Pallas and Aegis: Rollback Resilience in TEE-Aided Blockchain Consensus

Several Byzantine Fault-Tolerant (BFT) consensus algorithms leverage trusted components to boost resilience and reduce communication overhead. However, recent findings expose a critical vulnerability to rollback attacks when trusted components crash, lose state, or be cloned. Existing defenses either treat crashed replicas as Byzantine, increasing replica count, or duplicate trusted state across components, incurring substantial performance costs and offering limited crash tolerance.
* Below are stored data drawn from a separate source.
(* Let $T$ be a tree. Then $T$ has a complete $\alpha$-labeling if and only if there is a bipartition of $T$ and an arrangement of the vertices of $T$ such that the corresponding biadjacency matrix of $T$ is completely graceful.
   Context: For a graph $G=(V,E)$ with $m$ edges, an $\alpha$-labeling with critical number $k$ is an injective $f:V\to\{0,\ldots,m\}$ whose edge labels $|f(u)-f(v)|$ ($uv\in E$) are distinct and such that every edge $uv$ satisfies $f(u)\le k<f(v)$ or $f(v)\le k<f(u)$; it is complete if $f$ is bijective. For a bipartite graph with ordered parts $X,Y$, the biadjacency matrix is the $|X|\times|Y|$ $0$-$1$ matrix whose $(x,y)$ entry is $1$ iff $xy$ is an edge. For a $p\times q$ matrix the box-value of position $(i,j)$ is $p+j-i$; for $c=1,\ldots,p+q-1$ the positions of box-value $c$ form a diagonal. A $0$-$1$ matrix is completely graceful if every diagonal contains exactly one $1$. *)

From mathcomp Require Import all_boot all_algebra.
Set Implicit Arguments. Unset Strict Implicit. Unset Printing Implicit Defensive.

Definition simple_graph (V : finType) (e : rel V) : Prop :=
  symmetric e /\ irreflexive e.

(* Acyclic: no simple cycle x, p_1, ..., p_k with k >= 2 (length >= 3). *)
Definition acyclic (V : finType) (e : rel V) : Prop :=
  forall (x : V) (p : seq V),
    uniq (x :: p) -> 2 <= size p -> path e x p -> ~~ e (last x p) x.

Definition is_tree (V : finType) (e : rel V) : Prop :=
  [/\ simple_graph e, 0 < #|V|, (forall x y : V, connect e x y) & acyclic e].

Definition edges (V : finType) (e : rel V) : {set {set V}} :=
  [set [set x; y] | x in V, y in V & e x y].

Definition nedges (V : finType) (e : rel V) : nat := #|edges e|.

Definition ndist (a b : nat) : nat := (a - b) + (b - a).

Definition alpha_labeling (V : finType) (e : rel V) (f : V -> nat) (k : nat)
  : Prop :=
  [/\ injective f,
      (forall v, f v <= nedges e),
      (forall u v u' v', e u v -> e u' v' ->
          ndist (f u) (f v) = ndist (f u') (f v') -> [set u; v] = [set u'; v'])
    & (forall u v, e u v -> ((f u <= k) && (k < f v)) || ((f v <= k) && (k < f u)))].

Definition complete_labeling (V : finType) (e : rel V) (f : V -> nat) : Prop :=
  forall i, i <= nedges e -> exists v, f v = i.

Definition has_complete_alpha_labeling (V : finType) (e : rel V) : Prop :=
  exists (f : V -> nat) (k : nat), alpha_labeling e f k /\ complete_labeling e f.

(* An ordered bipartition (X, Y) of the graph together with arrangements
   rx : 'I_p -> V of X and ry : 'I_q -> V of Y. *)
Definition bipartition_arrangement (V : finType) (e : rel V) (p q : nat)
  (rx : 'I_p -> V) (ry : 'I_q -> V) : Prop :=
  [/\ injective rx, injective ry,
      (forall i j, rx i <> ry j),
      (forall v, (exists i, rx i = v) \/ (exists j, ry j = v))
    & (forall i i', ~~ e (rx i) (rx i')) /\ (forall j j', ~~ e (ry j) (ry j'))].

Definition biadjacency (V : finType) (e : rel V) (p q : nat)
  (rx : 'I_p -> V) (ry : 'I_q -> V) : 'M[nat]_(p, q) :=
  \matrix_(i < p, j < q) (e (rx i) (ry j) : nat).

(* box-value of position (i,j) (1-based) is p + j - i; with 0-based
   indices the value is the same. *)
Definition box_value (p q : nat) (i : 'I_p) (j : 'I_q) : nat := p + j - i.

Definition completely_graceful (p q : nat) (A : 'M[nat]_(p, q)) : Prop :=
  (forall i j, (A i j == 0) || (A i j == 1)) /\
  (forall c, 1 <= c <= p + q - 1 ->
     #|[set ij : 'I_p * 'I_q | (box_value ij.1 ij.2 == c) && (A ij.1 ij.2 == 1)]| = 1).

From mathcomp Require Import all_boot all_algebra.
From mathcomp Require Import zify.
Set Implicit Arguments. Unset Strict Implicit. Unset Printing Implicit Defensive.

(* Give the row vertex [rx i] the label [i] and the column vertex [ry j] the
   label [p + j].  The edge [rx i -- ry j] then gets the label [p + j - i],
   which is exactly the box-value of the position [(i, j)] of the biadjacency
   matrix.  So the edge labels are distinct and exhaust [1..m] precisely when
   every diagonal [c = 1, ..., p + q - 1] of the matrix carries exactly one 1;
   conversely a complete alpha-labeling with critical number [k] arranges the
   vertices labelled [<= k] as rows and the others as columns, in label order. *)

Lemma card_ord_gt0 n : #|[set c : 'I_n.+1 | 0 < c]| = n.
Proof.
have -> : [set c : 'I_n.+1 | 0 < c] = [set~ ord0].
  by apply/setP=> c; rewrite !inE lt0n -(inj_eq val_inj).
by rewrite cardsC1 card_ord.
Qed.

Section Fibers.

Variables (T : finType) (S : {set T}) (g : T -> nat) (n : nat).
Hypothesis g_range : {in S, forall x, 0 < g x <= n}.

Local Notation fiber c := [set x in S | g x == c].
Local Notation fibers1 := (forall c, 0 < c <= n -> #|fiber c| = 1).

(* [g] read as a map into ['I_n.+1], so that its image can be counted. *)
Let h x : 'I_n.+1 := inord (g x).

Let hE : {in S, forall x, h x = g x :> nat}.
Proof. by move=> x /g_range /andP[_ ?]; rewrite /h inordK. Qed.

Let fiber_h (c : 'I_n.+1) : fiber c = [set x in S | h x == c].
Proof.
by apply/setP=> x; rewrite !inE; case xS: (x \in S); rewrite //= -hE.
Qed.

Lemma injective_of_fibers1 : fibers1 -> {in S &, injective g}.
Proof.
move=> fib1 x y xS yS gxy.
have /eqP/cards1P[z fibE] := fib1 _ (g_range xS).
have : x \in fiber (g x) by rewrite inE xS eqxx.
have : y \in fiber (g x) by rewrite inE yS -gxy eqxx.
by rewrite fibE !inE => /eqP-> /eqP->.
Qed.

Lemma card_of_fibers1 : fibers1 -> #|S| = n.
Proof.
move=> fib1; rewrite -sum1_card (partition_big h (fun c => 0 < c)) /=; last first.
  by move=> x xS; rewrite hE //; case/andP: (g_range xS).
rewrite -[RHS]card_ord_gt0 -sum1dep_card; apply: eq_bigr => c c0.
by rewrite sum1dep_card -(fib1 c) -?fiber_h // c0 -ltnS ltn_ord.
Qed.

Lemma fibers1_of_injective : {in S &, injective g} -> #|S| = n -> fibers1.
Proof.
move=> g_inj cardS c /andP[c0 cn].
have h_inj : {in S &, injective h}.
  by move=> x y xS yS /(congr1 (@nat_of_ord _)); rewrite !hE //; apply: g_inj.
have imS : h @: S = [set c : 'I_n.+1 | 0 < c].
  apply/eqP; rewrite eqEcard card_ord_gt0 card_in_imset // cardS leqnn andbT.
  by apply/subsetP=> _ /imsetP[x xS ->]; rewrite inE hE //; case/andP: (g_range xS).
have : inord c \in h @: S by rewrite imS inE inordK.
case/imsetP=> x xS /(congr1 (@nat_of_ord _)); rewrite hE // inordK // => gx.
apply/eqP/cards1P; exists x; apply/setP=> y; rewrite !inE.
apply/andP/eqP=> [[yS /eqP gy]|->]; last by rewrite xS gx.
by apply: g_inj; rewrite ?gy.
Qed.

End Fibers.

Section Arrangement.

Variables (V : finType) (e : rel V) (p q : nat) (rx : 'I_p -> V) (ry : 'I_q -> V).
Hypothesis e_sym : symmetric e.
Hypothesis arr : bipartition_arrangement e rx ry.

Definition edge_positions : {set 'I_p * 'I_q} := [set ij | e (rx ij.1) (ry ij.2)].

Definition box_position (ij : 'I_p * 'I_q) : nat := box_value ij.1 ij.2.

Lemma box_position_range ij : 0 < box_position ij <= p + q - 1.
Proof.
case: ij => i j; rewrite /box_position /box_value /=.
by have := ltn_ord i; have := ltn_ord j; lia.
Qed.

Lemma edge_arrangement u v : e u v ->
  exists i j, e (rx i) (ry j) /\ ((u, v) = (rx i, ry j) \/ (u, v) = (ry j, rx i)).
Proof.
have [_ _ _ cover [noX noY]] := arr.
move=> euv; case: (cover u) => [[i ui]|[j uj]]; case: (cover v) => [[i' vi]|[j' vj]]; subst.
- by move: (noX i i'); rewrite euv.
- by exists i, j'; split; [|left].
- by exists i', j; split; [rewrite e_sym|right].
- by move: (noY j j'); rewrite euv.
Qed.

Lemma arrangement_edge_inj i j i' j' :
  [set rx i; ry j] = [set rx i'; ry j'] -> (i, j) = (i', j').
Proof.
have [rx_inj ry_inj rx_ry _ _] := arr; move=> E.
have : rx i \in [set rx i'; ry j'] by rewrite -E set21.
rewrite !inE => /orP[/eqP/rx_inj-> | /eqP/rx_ry //].
have : ry j \in [set rx i'; ry j'] by rewrite -E set22.
by rewrite !inE => /orP[/eqP/esym/rx_ry // | /eqP/ry_inj->].
Qed.

Lemma nedges_arrangement : nedges e = #|edge_positions|.
Proof.
rewrite /nedges.
have -> : edges e = [set [set rx ij.1; ry ij.2] | ij in edge_positions].
  apply/setP=> s; apply/imset2P/imsetP => [[u v _]|[[i j]]].
    rewrite inE => /andP[_ /edge_arrangement[i [j [eij uv]]]] ->.
    exists (i, j); rewrite ?inE //.
    by case: uv => -[-> ->] //; rewrite setUC.
  by rewrite inE => eij ->; exists (rx i) (ry j); rewrite ?inE.
by rewrite card_in_imset // => -[i j] [i' j'] _ _ /arrangement_edge_inj.
Qed.

Lemma completely_graceful_biadjacency :
  completely_graceful (biadjacency e rx ry) <->
  {in edge_positions &, injective box_position} /\ #|edge_positions| = p + q - 1.
Proof.
have fiberE c : [set ij | (box_value ij.1 ij.2 == c) && (biadjacency e rx ry ij.1 ij.2 == 1)]
    = [set ij in edge_positions | box_position ij == c].
  by apply/setP=> ij; rewrite !inE mxE andbC; case: (e _ _).
have range : {in edge_positions, forall ij, 0 < box_position ij <= p + q - 1}.
  by move=> ij _; apply: box_position_range.
split=> [[_ cg]|[inj card]].
  have fib1 c : 0 < c <= p + q - 1 -> #|[set ij in edge_positions | box_position ij == c]| = 1.
    by move=> ?; rewrite -fiberE cg.
  by split; [apply: injective_of_fibers1 range _ | apply: card_of_fibers1 range _].
split=> [i j|c c_range]; first by rewrite mxE; case: (e _ _).
by rewrite fiberE (fibers1_of_injective range inj card).
Qed.

Section ArrangedLabeling.

Variable f : V -> nat.
Hypotheses (f_rx : forall i, f (rx i) = i) (f_ry : forall j, f (ry j) = p + j).

Lemma ndist_arranged i j : ndist (f (rx i)) (f (ry j)) = box_value i j.
Proof. by rewrite f_rx f_ry /ndist /box_value; have := ltn_ord i; lia. Qed.

Lemma arranged_edge_label u v : e u v ->
  exists2 ij, ij \in edge_positions &
    [set u; v] = [set rx ij.1; ry ij.2] /\ ndist (f u) (f v) = box_position ij.
Proof.
move=> /edge_arrangement[i [j [eij uv]]]; exists (i, j); rewrite ?inE //.
case: uv => -[-> ->]; first by rewrite ndist_arranged.
by rewrite setUC /ndist addnC -/(ndist _ _) ndist_arranged.
Qed.

Lemma arranged_distinct_differences :
  (forall u v u' v', e u v -> e u' v' ->
     ndist (f u) (f v) = ndist (f u') (f v') -> [set u; v] = [set u'; v'])
  <-> {in edge_positions &, injective box_position}.
Proof.
split=> [distinct [i j] [i' j'] | inj u v u' v'].
  rewrite !inE /= => eij ei'j' same; apply: arrangement_edge_inj.
  by apply: distinct => //; rewrite !ndist_arranged.
move=> /arranged_edge_label[ij ij_edge [-> duv]].
move=> /arranged_edge_label[ij' ij'_edge [-> du'v']] same.
by rewrite (inj ij ij') // -duv -du'v'.
Qed.

Lemma arranged_injective : injective f.
Proof.
have [_ _ _ cover _] := arr; move=> u v.
case: (cover u) => [[i <-]|[j <-]]; case: (cover v) => [[i' <-]|[j' <-]];
  rewrite ?f_rx ?f_ry => fuv.
- by rewrite (val_inj fuv).
- by have := ltn_ord i; lia.
- by have := ltn_ord i'; lia.
- by congr ry; apply: val_inj => /=; lia.
Qed.

Lemma arranged_critical u v : e u v ->
  ((f u <= p.-1) && (p.-1 < f v)) || ((f v <= p.-1) && (p.-1 < f u)).
Proof.
by move=> /edge_arrangement[i [j [_ [[-> ->]|[-> ->]]]]]; rewrite f_rx f_ry;
  have := ltn_ord i; lia.
Qed.

Lemma arranged_label_le v : f v <= p + q - 1.
Proof.
have [_ _ _ cover _] := arr.
by case: (cover v) => [[i <-]|[j <-]]; rewrite ?f_rx ?f_ry;
  [have := ltn_ord i | have := ltn_ord j]; lia.
Qed.

Lemma arranged_label_onto n : 0 < p + q -> n <= p + q - 1 -> exists v, f v = n.
Proof.
move=> pq n_le; case: (ltnP n p) => [n_lt | p_le]; first by exists (rx (Ordinal n_lt)).
have n_lt : n - p < q by lia.
by exists (ry (Ordinal n_lt)); rewrite f_ry /=; lia.
Qed.

Lemma arranged_complete_alpha_labeling :
  {in edge_positions &, injective box_position} -> nedges e = p + q - 1 -> 0 < p + q ->
  alpha_labeling e f p.-1 /\ complete_labeling e f.
Proof.
move=> inj ne pq; split; first split.
- exact: arranged_injective.
- by move=> v; rewrite ne arranged_label_le.
- exact/arranged_distinct_differences.
- exact: arranged_critical.
- by move=> n; rewrite ne; apply: arranged_label_onto.
Qed.

End ArrangedLabeling.

Lemma arranged_label_exists :
  exists f : V -> nat, (forall i, f (rx i) = i) /\ (forall j, f (ry j) = p + j).
Proof.
have [rx_inj ry_inj rx_ry _ _] := arr.
exists (fun v => if [pick i | rx i == v] is Some i then val i
         else if [pick j | ry j == v] is Some j then p + j else 0).
split=> [i | j].
  by case: pickP => [i' /eqP/rx_inj-> // | /(_ i)]; rewrite eqxx.
case: pickP => [i /eqP/rx_ry // | _].
by case: pickP => [j' /eqP/ry_inj-> // | /(_ j)]; rewrite eqxx.
Qed.

Lemma complete_alpha_labeling_of_graceful :
  0 < #|V| -> completely_graceful (biadjacency e rx ry) -> has_complete_alpha_labeling e.
Proof.
move=> /card_gt0P[v _] /completely_graceful_biadjacency[inj card].
have [f [f_rx f_ry]] := arranged_label_exists.
have pq : 0 < p + q.
  have [_ _ _ cover _] := arr.
  by case: (cover v) => [[i _]|[j _]]; [have := ltn_ord i | have := ltn_ord j]; lia.
exists f, p.-1; apply: arranged_complete_alpha_labeling => //.
by rewrite nedges_arrangement.
Qed.

End Arrangement.

Lemma complete_labeling_section (V : finType) (e : rel V) (f : V -> nat) :
  complete_labeling e f -> exists g : nat -> V, forall n, n <= nedges e -> f (g n) = n.
Proof.
move=> onto; have [v0 _] := onto 0 (leq0n _).
exists (fun n => odflt v0 [pick v | f v == n]) => n /onto[v fv].
by case: pickP => [w /eqP // | /(_ v)]; rewrite fv eqxx.
Qed.

(* The vertices labelled at most [k] form the first class; an alpha-labeling
   may have [k >= m], which is why the cut is taken at [minn k m]. *)
Lemma arrangement_of_complete_alpha_labeling (V : finType) (e : rel V) (f : V -> nat) k :
  alpha_labeling e f k -> complete_labeling e f ->
  exists p q (rx : 'I_p -> V) (ry : 'I_q -> V),
    [/\ bipartition_arrangement e rx ry, forall i, f (rx i) = i,
        forall j, f (ry j) = p + j & p + q = (nedges e).+1].
Proof.
move=> [f_inj f_le _ f_crit] /complete_labeling_section[g fg].
set m := nedges e in f_le fg *; set p := (minn k m).+1; set q := m - minn k m.
pose rx (i : 'I_p) := g i; pose ry (j : 'I_q) := g (p + j).
have f_rx i : f (rx i) = i by apply: fg; have := ltn_ord i; lia.
have f_ry j : f (ry j) = p + j by apply: fg; have := ltn_ord j; lia.
exists p, q, rx, ry; split=> //; last by lia.
split.
- by move=> i i' /(congr1 f); rewrite !f_rx => /val_inj.
- by move=> j j' /(congr1 f); rewrite !f_ry => fjj'; apply: val_inj => /=; lia.
- by move=> i j /(congr1 f); rewrite f_rx f_ry; have := ltn_ord i; lia.
- move=> v; have := f_le v; case: (ltnP (f v) p) => [lt_p | le_p] le_m.
    by left; exists (Ordinal lt_p); apply: f_inj; rewrite f_rx.
  have lt_q : f v - p < q by lia.
  by right; exists (Ordinal lt_q); apply: f_inj; rewrite f_ry /=; lia.
- split=> [i i' | j j']; apply/negP => /f_crit.
    by rewrite !f_rx; have := ltn_ord i; have := ltn_ord i'; lia.
  by rewrite !f_ry; have := ltn_ord j; have := ltn_ord j'; lia.
Qed.

Theorem corollary2p7 (V : finType) (e : rel V) :
  is_tree e ->
  (has_complete_alpha_labeling e <->
   exists (p q : nat) (rx : 'I_p -> V) (ry : 'I_q -> V),
     bipartition_arrangement e rx ry /\ completely_graceful (biadjacency e rx ry)).
Proof.
move=> [[e_sym _] V_gt0 _ _]; split=> [[f [k [alpha onto]]] | [p [q [rx [ry [arr cg]]]]]].
  have [p [q [rx [ry [arr f_rx f_ry pq]]]]] := arrangement_of_complete_alpha_labeling alpha onto.
  exists p, q, rx, ry; split=> //; apply/completely_graceful_biadjacency.
  split; last by rewrite -(nedges_arrangement e_sym arr); lia.
  by apply/(arranged_distinct_differences e_sym arr f_rx f_ry); case: alpha.
exact: complete_alpha_labeling_of_graceful e_sym arr V_gt0 cg.
Qed.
We propose a robust alternative: a secure state-preservation mechanism for trusted components that eliminates costly duplication of trusted states across replicas. At its core is Aegis, the first efficient view synchronizer specifically designed for BFT protocols that utilize trusted components. Aegis enforces that only one trusted component instance per replica may vote in any view, even when trusted components restart following a crash or are cloned by an adversary. On top of Aegis, we introduce Pallas, the first BFT consensus protocol that preserves safety against a strong adversary that controls a fixed set of Byzantine replicas and can cause a potentially unbounded and varying number of trusted components to crash. We determine the adversarial conditions under which Pallas ensure liveness under partial synchrony.
Extensive geo-distributed evaluations on Amazon AWS show that Pallas delivers high performance with negligible overhead in stable conditions, outperforming existing protocols by up to 41% in throughput and 29% in latency. More importantly, it sustains liveness and graceful degradation under adversarial conditions where other protocols fail.